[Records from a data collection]
....

Theorem lemmaB2 (R : realType) (lmax : R) (F : R -> R)
  (x1 x2 p eps : R) :
  1 < lmax ->
  (forall x, x \in `[0, lmax] -> derivable F x 1) ->
  {within `[0, lmax]%classic, continuous (derive1 F)} ->
  (forall x, x \in `[0, lmax] -> 0 <= F x) ->
  F 0 = 0 ->
  (forall x, x \in `[0, 1[ -> F x < Fstar lmax F) ->
  0 < derive1 F 1 ->
  x1 \in `]1, lmax] -> x2 \in `[0, 1[ -> p \in `]0, 1[ ->
  (exists alpha : probability R R,
     alpha [set x1] = p%:E /\ alpha [set x2] = (1 - p)%:E /\
     optimal lmax F alpha) ->
  0 < eps ->
  forall (lam pi : nat -> R),
    policy lmax lam -> stable lam -> stationary lam pi ->
    regret lmax F lam pi <= eps ->
    series (fun i => pi i * lam i) @ \oo --> 1 - pi 0%N /\
    1 - (x1 - x2) / (F x1 - F x2) * eps <= 1 - pi 0%N.
Proof.
(* Continuity of F', F 0 = 0, F'(1) > 0, stability and eps > 0 are unused. *)
move=> lmax_gt1 F_der _ F_ge0 _ F_lt_Fs _ x1_in x2_in p_in
  [alpha [alpha1 [alpha2 alpha_opt]]] _ lam pi lam_policy _ pi_st regret_le.
split; first exact: cvg_series_stationary_rate.
move: x1_in x2_in p_in; rewrite !in_itv /=.
move=> /andP[x1_gt1 x1_le] /andP[x2_ge0 x2_lt1] /andP[p_gt0 p_lt1].
have I_x1 : I0 lmax x1 by rewrite /I0 /= in_itv /= x1_le andbT; lra.
have I_x2 : I0 lmax x2 by rewrite /I0 /= in_itv /= x2_ge0; lra.
have mF : measurable_fun (I0 lmax) F.
  apply: subspace_continuous_measurable_fun; first exact: measurable_itv.
  exact: derivable_within_continuous.
have x12 : x1 != x2 by rewrite gt_eqF// (lt_trans x2_lt1).
have [mean_le1 FsE] :=
  optimal_two_atoms mF F_ge0 x12 I_x1 I_x2 alpha1 alpha2 alpha_opt.
have Fx2_lt : F x2 < Fstar lmax F by apply: F_lt_Fs; rewrite in_itv /= x2_ge0.
have mix_le := Fstar_ge_mix mF F_ge0 (le_lt_trans (F_ge0 _ I_x2) Fx2_lt).
have slope_pos := slope_gt0 x2_lt1 x1_gt1 (ltW p_gt0) FsE Fx2_lt.
have below_line := le_support_line mix_le I_x1 I_x2 x2_lt1 x1_gt1
  (ltW p_gt0) p_lt1 mean_le1 FsE Fx2_lt.
have Epi_le : Epi lam pi F <= Fstar lmax F - slope F x1 x2 * pi 0%N.
  apply: (Epi_le_line pi_st) => i.
  have I_lam : I0 lmax (lam i) by exact: lam_policy.
  by rewrite F_ge0// below_line.
rewrite lerD2l lerN2 -invf_div ler_pdivlMl//.
by rewrite -/(slope F x1 x2); move: regret_le; rewrite /regret; lra.
Qed.
Lemma IVT_open_avoid [a m b : R] : a < m < b -> f a * f b < 0 -> f m != 0 ->
  exists2 c, a < c < b & c != m /\ f c = 0.
Proof.
move=> /andP[am mb] fab fm0; have fm2 : 0 < f m ^+ 2 by rewrite exprn_even_gt0.
have [fam|fam] := ltP (f a * f m) 0.
  have [c /andP[ac cm] fc0] := IVT_open am fam.
  by exists c; [rewrite ac (lt_trans cm mb) | rewrite (lt_eqF cm)].
have fmb : f m * f b < 0 by nra.
have [c /andP[mc cb] fc0] := IVT_open mb fmb.
by exists c; [rewrite cb (lt_trans am mc) | rewrite (gt_eqF mc)].
Qed.

End IntermediateValues.

Section ChebyshevNodes.
Variables (R : realType) (n : nat).

Definition theta k : R := k%:R * pi / n.+1%:R.

Lemma alphaE k : alpha R n k = 2 * cos (theta k).
Proof. by []. Qed.

Lemma mulr_theta k : n.+1%:R * theta k = k%:R * pi.
Proof. by rewrite mulrC divfK ?pnatr_eq0. Qed.

Lemma theta_gt0 k : (0 < k)%N -> 0 < theta k.
Proof. by move=> k0; rewrite divr_gt0 ?mulr_gt0 ?ltr0n ?pi_gt0. Qed.

Lemma ltr_theta k l : (k < l)%N -> theta k < theta l.
Proof. by move=> kl; rewrite ltr_pM2r ?invr_gt0 ?ltr0n // ltr_pM2r ?pi_gt0 // ltr_nat. Qed.

Lemma theta_n1 : theta n.+1 = pi.
Proof. by rewrite /theta mulrAC divff ?mul1r ?pnatr_eq0. Qed.

Lemma theta_ltpi k : (k <= n)%N -> theta k < pi.
Proof. by rewrite -ltnS => /ltr_theta; rewrite theta_n1. Qed.

Lemma Ut_alpha k : (0 < k)%N -> (k <= n)%N -> (Ut R n).[alpha R n k] = 0.
Proof.
move=> k0 kn; have /gt_eqF s0 : 0 < sin (theta k).
  by apply: sin_gt0_pi; rewrite theta_gt0 ?theta_ltpi.
by have /eqP := sin_Ut n (theta k); rewrite mulr_theta sin_natmulpi mulf_eq0 s0 => /eqP.
Qed.

(* The cofactor of 2 sin ((n+1) t / 2) in sin t * Phi_n(2 cos t), see sin_Phi. *)
Definition Psi (t : R) := Phi_quad n (2 * cos t) * cos (n.+1%:R * t / 2)
  + 2 * (2 * cos t + 2) * cos (n.+1%:R * t / 2 - t).

Hypothesis n_gt0 : (0 < n)%N.

Lemma sin_Phi t : sin t * (Phi R n).[2 * cos t] = 2 * sin (n.+1%:R * t / 2) * Psi t.
Proof.
rewrite horner_Phi /Psi; set x := 2 * cos t; set A := n.+1%:R * t / 2.
transitivity (Phi_quad n x * (sin t * (Ut R n).[x])
  + 2 * (x + 2) * (sin t * (Ut R n.-1).[x]) + 2 * (x + 2) * sin t); first by ring.
have A2 : n.+1%:R * t = A + A by rewrite /A; field.
have An : n%:R * t = A + (A - t) by rewrite addrA -A2 -[n.+1]addn1 natrD mulrDl mul1r addrK.
have At : sin t = sin (A - (A - t)) by rewrite opprB addrC subrK.
rewrite !sin_Ut prednK // A2 An At sinB !sinD; ring.
Qed.
Lemma crisp_box_fork f : (forall w, f w <= 1) ->
  crisp_box fork f = fun w => if w is None then Num.min (f (Some false)) (f (Some true)) else 1.
Proof.
move=> f1; apply/funext => -[w|]; apply: inf_eq_min.
- by left.
- by move=> y [->|[? []]].
- by case: (leP (f (Some false)) (f (Some true))) => _; right;
    [exists (Some false) | exists (Some true)].
- by move=> y [->|[[[]|] // _ ->]]; rewrite ge_min ?lexx ?orbT // f1.
Qed.

Lemma crisp_dia_fork f : (forall w, 0 <= f w) ->
  crisp_dia fork f = fun w => if w is None then Num.max (f (Some false)) (f (Some true)) else 0.
Proof.
move=> f0; apply/funext => -[w|]; apply: sup_eq_max.
- by left.
- by move=> y [->|[? []]].
- by case: (leP (f (Some false)) (f (Some true))) => _; right;
    [exists (Some true) | exists (Some false)].
- by move=> y [->|[[[]|] // _ ->]]; rewrite le_max ?lexx ?orbT // f0.
Qed.

Section ForkInvariant.
Variables (a b c : RR).
Hypotheses (a01 : 0 < a < 1) (b01 : 0 < b < 1) (c01 : 0 < c < 1) (ab : a <= b).

Definition fork_tame (f : option bool -> RR) : Prop :=
  exists s t, [/\ f (Some false) = gunary_val s a, f (Some true) = gunary_val s b
                & f None = gunary_val t c].

Lemma fork_tame_op op f g : gunary_closed op -> fork_tame f -> fork_tame g ->
  fork_tame (fun w => op (f w) (g w)).
Proof.
move=> cl [s [t [f0 f1 fr]]] [s' [t' [g0 g1 gr]]].
have [u opu] := cl s s'; have [u' opu'] := cl t t'.
by exists u, u'; rewrite f0 f1 fr g0 g1 gr !(opu, opu').
Qed.

Lemma fork_tame_01 f : fork_tame f -> forall w, 0 <= f w <= 1.
Proof.
have w01 (x : RR) : 0 < x < 1 -> 0 <= x <= 1 by case/andP => *; apply/andP; split; lra.
by move=> [s [t [f0 f1 fr]]] [[]|]; rewrite ?f0 ?f1 ?fr; apply/gunary_val_01/w01.
Qed.

Lemma eval_fork_tame bx dx :
  (forall f, fork_tame f -> fork_tame (bx f)) -> (forall f, fork_tame f -> fork_tame (dx f)) ->
  forall phi, fork_tame (eval bx dx (fork_val a b c) phi).
Proof.
move=> bxT dxT; elim=> [n|||x IHx y IHy|x IHx y IHy|x IHx y IHy|x IHx y IHy|x IHx|x IHx] /=.
- by exists GId, GId.
- by exists GZero, GZero.
- by exists GOne, GOne.
- exact: fork_tame_op gunary_closed_min IHx IHy.
- exact: fork_tame_op gunary_closed_max IHx IHy.
- exact: fork_tame_op gunary_closed_gimp IHx IHy.
- exact: fork_tame_op gunary_closed_gcoimp IHx IHy.
- exact: bxT.
- exact: dxT.
Qed.

Lemma crisp_box_fork_tame f : c = a -> fork_tame f -> fork_tame (crisp_box fork f).
Proof.
move=> ca fT; have [s [t [f0 f1 _]]] := fT.
rewrite crisp_box_fork => [|w]; last by case/andP: (fork_tame_01 fT w).
by exists GOne, s; rewrite f0 f1 ca min_l //; apply: gunary_val_mono.
Qed.

Lemma crisp_dia_fork_tame f : c = b -> fork_tame f -> fork_tame (crisp_dia fork f).
Proof.
move=> cb fT; have [s [t [f0 f1 _]]] := fT.
rewrite crisp_dia_fork => [|w]; last by case/andP: (fork_tame_01 fT w).
by exists GZero, s; rewrite f0 f1 cb max_r //; apply: gunary_val_mono.
Qed.

End ForkInvariant.

Lemma eval_box_free W (bx bx' dx : (W -> RR) -> W -> RR) (V : nat -> W -> RR) phi :
  box_free phi -> eval bx dx V phi = eval bx' dx V phi.
Proof.
elim: phi => [n|||x IHx y IHy|x IHx y IHy|x IHx y IHy|x IHx y IHy|x IHx|x IHx] //=;
  by [move=> /andP[/IHx -> /IHy ->] | move=> /IHx ->].
Qed.

Lemma eval_dia_free W (bx dx dx' : (W -> RR) -> W -> RR) (V : nat -> W -> RR) phi :
  dia_free phi -> eval bx dx V phi = eval bx dx' V phi.
Proof.
elim: phi => [n|||x IHx y IHy|x IHx y IHy|x IHx y IHy|x IHx y IHy|x IHx|x IHx] //=;
  by [move=> /andP[/IHx -> /IHy ->] | move=> /IHx ->].
Qed.

Lemma gunary_val_neq x c t : 0 < x < 1 -> x != c -> x != gunary_val t c.
Proof. by move=> /andP[x0 x1] xc; case: t => //=; rewrite ?(gt_eqF x0) ?(lt_eqF x1). Qed.

Section ForkRoot.
Variables (a b : RR) (bx dx : (option bool -> RR) -> option bool -> RR).
Hypotheses (a01 : 0 < a < 1) (b01 : 0 < b < 1) (ab : a <= b).

Lemma fork_root_box_free chi :
  (forall f, (forall w, 0 <= f w <= 1) -> dx f = crisp_dia fork f) ->
  box_free chi -> exists t, eval bx dx (fork_val a b b) chi None = gunary_val t b.
Proof.
move=> dxE chi_free; rewrite (eval_box_free _ (fun _ _ => 1) _ _ chi_free).
have [|f fT|_ [t [_ _ ->]]] := eval_fork_tame a01 b01 b01 (bx := fun _ _ => 1) (dx := dx) _ _ chi.
- by move=> f _; exists GOne, GOne.
- by rewrite dxE; [exact: crisp_dia_fork_tame | exact: fork_tame_01 fT].
- by exists t.
Qed.

Lemma fork_root_dia_free chi :
  (forall f, (forall w, 0 <= f w <= 1) -> bx f = crisp_box fork f) ->
  dia_free chi -> exists t, eval bx dx (fork_val a b a) chi None = gunary_val t a.
Proof.
move=> bxE chi_free; rewrite (eval_dia_free _ _ (fun _ _ => 0) _ chi_free).
have [f fT||_ [t [_ _ ->]]] := eval_fork_tame a01 b01 a01 (bx := bx) (dx := fun _ _ => 0) _ _ chi.
- by rewrite bxE; [exact: crisp_box_fork_tame | exact: fork_tame_01 fT].
- by move=> f _; exists GZero, GZero.
- by exists t.
Qed.

End ForkRoot.

Lemma not_interdefinable_fork (L : form -> Prop)
    (bx dx : (option bool -> RR) -> option bool -> RR) :
  (forall f, (forall w, 0 <= f w <= 1) -> bx f = crisp_box fork f) ->
  (forall f, (forall w, 0 <= f w <= 1) -> dx f = crisp_dia fork f) ->
  (forall phi, L phi -> forall V, unit_val V -> eval bx dx V phi None = 1) ->
  not_interdefinable L.
Proof.
move=> bxE dxE sound; pose a : RR := 1/3; pose b : RR := 2/3.
have a01 : 0 < a < 1 by apply/andP; split; rewrite /a; lra.
have b01 : 0 < b < 1 by apply/andP; split; rewrite /b; lra.
have ab : a < b by rewrite /a /b; lra.
have [a1 b1] : a <= 1 /\ b <= 1 by split; rewrite /a /b; lra.
have [a01' b01'] : 0 <= a <= 1 /\ 0 <= b <= 1 by split; apply/andP; split; rewrite /a /b; lra.
have V01 c : 0 <= c <= 1 -> unit_val (fork_val a b c) by exact: fork_val_unit.
split=> -[chi [chi_free /sound L_iff]].
- have [t chi_t] := fork_root_box_free bx a01 b01 (ltW ab) dxE chi_free.
  have /= := L_iff _ (V01 b b01'); rewrite chi_t bxE; last exact: V01 b b01' 0.
  rewrite crisp_box_fork /= ?(min_l (ltW ab)); last by move=> w; case/andP: (V01 b b01' 0 w).
  move=> /eqP; rewrite giff_eq1 ?gunary_val_le1 //.
  by apply/negP; apply: gunary_val_neq; rewrite // lt_eqF.
- have [t chi_t] := fork_root_dia_free dx a01 b01 (ltW ab) bxE chi_free.
  have /= := L_iff _ (V01 a a01'); rewrite chi_t dxE; last exact: V01 a a01' 0.
  rewrite crisp_dia_fork /= ?(max_r (ltW ab)); last by move=> w; case/andP: (V01 a a01' 0 w).
  move=> /eqP; rewrite giff_eq1 ?gunary_val_le1 //.
  by apply/negP; apply: gunary_val_neq; rewrite // gt_eqF.
Qed.

Lemma not_interdefinable_sub (L L' : form -> Prop) :
  (forall phi, L' phi -> L phi) -> not_interdefinable L -> not_interdefinable L'.
Proof.
by move=> L'L [nbox ndia]; split=> -[chi [chi_free /L'L L_iff]];
  [apply: nbox | apply: ndia]; exists chi.
Qed.

Lemma not_interdefinable_KbiG : not_interdefinable KbiG.
Proof.
by apply: (@not_interdefinable_fork _ (crisp_box fork) (crisp_dia fork)) => // phi valid V /valid.
Qed.

Lemma not_interdefinable_KbiGf_fb : not_interdefinable KbiGf_fb.
Proof.
pose Rd w v := ind (fork w v).
apply: (@not_interdefinable_fork _ (fuzzy_box Rd) (fuzzy_dia Rd)).
- exact: fuzzy_box_crisp.
- exact: fuzzy_dia_crisp.
- move=> phi valid V V01; apply: valid V01 None; first by move=> w v; exact: ind01.
  by move=> w; exact: finite_finset.
Qed.

(** * Expressivity over K *)

Definition Neg (phi : form) : form := Imp phi Bot.
Definition Delta (phi : form) : form := Coimp Top (Coimp Top phi).

(* Atoms are guarded by Δ, so on crisp frames every value is 0 or 1 and the
   missing modality can be read as the classical dual of the other one. *)
Fixpoint ktrans (b : bool) (phi : kform) : form :=
  match phi with
  | KVar n => Delta (Var n)
  | KBot => Bot
  | KImp x y => Imp (ktrans b x) (ktrans b y)
  | KAnd x y => And (ktrans b x) (ktrans b y)
  | KOr x y => Or (ktrans b x) (ktrans b y)
  | KBox x => if b then Box (ktrans b x) else Neg (Dia (Neg (ktrans b x)))
  | KDia x => if b then Neg (Box (Neg (ktrans b x))) else Dia (ktrans b x)
  end.

Lemma ktrans_dia_free phi : dia_free (ktrans true phi).
Proof. by elim: phi => [n||x hx y hy|x hx y hy|x hx y hy|x hx|x hx] /=; rewrite ?hx ?hy. Qed.

Lemma ktrans_box_free phi : box_free (ktrans false phi).
Proof. by elim: phi => [n||x hx y hy|x hx y hy|x hx y hy|x hx|x hx] /=; rewrite ?hx ?hy. Qed.

Lemma eval_ktrans b W (Rel : W -> W -> Prop) (V : nat -> W -> RR) phi w :
  eval (crisp_box Rel) (crisp_dia Rel) V (ktrans b phi) w =
  ind (ksat Rel (fun n v => 1 <= V n v) w phi).
Proof.
elim: phi w => [n||x IHx y IHy|x IHx y IHy|x IHx y IHy|x IHx|x IHx] w /=.
- exact: gdelta_ind.
- by rewrite indF.
- by rewrite IHx IHy ind_imp.
- by rewrite IHx IHy ind_and.
- by rewrite IHx IHy ind_or.
- case: b IHx => IHx /=; first by rewrite (funext IHx) crisp_box_ind.
  under eq_fun do rewrite IHx ind_not.
  rewrite crisp_dia_ind ind_not; apply: ind_ext; split.
    by move=> nex v wv; apply: contra_notP nex => nx; exists v.
  by move=> all [v wv]; apply; exact: all.
- case: b IHx => IHx /=; last by rewrite (funext IHx) crisp_dia_ind.
  under eq_fun do rewrite IHx ind_not.
  rewrite crisp_box_ind ind_not; apply: ind_ext; split.
    by move=> nall; apply: contra_notP nall => nex v wv xv; apply: nex; exists v.
  by move=> [v wv xv] /(_ v wv).
Qed.

Lemma ksat_ext W (Rel : W -> W -> Prop) (V V' : nat -> W -> Prop) :
  (forall n w, V n w <-> V' n w) -> forall phi w, ksat Rel V w phi <-> ksat Rel V' w phi.
Proof.
move=> VV'; elim=> [n||x IHx y IHy|x IHx y IHy|x IHx y IHy|x IHx|x IHx] w //=.
- by rewrite IHx IHy.
- by rewrite IHx IHy.
- by rewrite IHx IHy.
- by split=> h v wv; apply/IHx; exact: h.
- by split=> -[v wv h]; exists v => //; apply/IHx.
Qed.

Lemma crisp_frame_valid_ktrans b W (Rel : W -> W -> Prop) phi :
  crisp_frame_valid Rel (ktrans b phi) <-> forall V w, ksat Rel V w phi.
Proof.
split=> [valid V w | ksat_all V _ w]; last by rewrite eval_ktrans indT.
have /valid/(_ w) : unit_val (fun n v => ind (V n v)) by move=> n v; exact: ind01.
rewrite eval_ktrans => /ind_eq1; apply: (iffLR (ksat_ext _ _ _ _)) => n v.
by rewrite /ind; case: asboolP => Vv; rewrite ?lexx ?ler10.
Qed.

Lemma K_definable_fragment (frag : form -> bool) b :
  (forall psi, frag (ktrans b psi)) ->
  forall C : frame_class, K_definable C ->
  exists G : form -> Prop, (forall phi, G phi -> frag phi) /\ KbiG_defines G C.
Proof.
move=> frag_tr C [G defG]; exists (fun phi => exists2 psi, G psi & phi = ktrans b psi).
split=> [_ [psi _ ->] // | W Rel]; rewrite defG; split.
  by move=> valid _ [psi Gpsi ->]; apply/crisp_frame_valid_ktrans; exact: valid.
by move=> valid psi Gpsi; apply/(crisp_frame_valid_ktrans b); apply: valid; exists psi.
Qed.

Fixpoint kvar_bound (phi : kform) : nat :=
  match phi with
  | KVar n => n.+1
  | KBot => 0
  | KImp x y | KAnd x y | KOr x y => maxn (kvar_bound x) (kvar_bound y)
  | KBox x | KDia x => kvar_bound x
  end.

Section BoundedMorphism.
Variables (W W' : Type) (R : W -> W -> Prop) (R' : W' -> W' -> Prop) (f : W -> W').
Variables (V : nat -> W -> Prop) (V' : nat -> W' -> Prop) (N : nat).
Hypothesis forth : forall w v, R w v -> R' (f w) (f v).
Hypothesis back : forall w v', R' (f w) v' -> exists2 v, R w v & f v = v'.
Hypothesis harmony : forall n w, (n < N)%N -> V n w <-> V' n (f w).

Lemma ksat_bounded_morphism phi : (kvar_bound phi <= N)%N ->
  forall w, ksat R V w phi <-> ksat R' V' (f w) phi.
Proof.
elim: phi => [n||x IHx y IHy|x IHx y IHy|x IHx y IHy|x IHx|x IHx] //=;
  rewrite ?geq_max; try by move=> /andP[/IHx hx /IHy hy] w; rewrite hx hy.
- by move=> nN w; exact: harmony.
- move=> /IHx hx w; split=> [all v' /back[v wv <-] | all v wv].
    by apply/hx; exact: all.
  by apply/hx; apply: all; exact: forth.
- move=> /IHx hx w; split=> [[v wv xv] | [v' /back[v wv <-] xv]].
    by exists (f v); [exact: forth | exact/hx].
  by exists v => //; exact/hx.
Qed.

....

ACTIVITY
State how many lines in the entries above hold the word "KImp", with no further text.

REPLY TO THE EXERCISE
2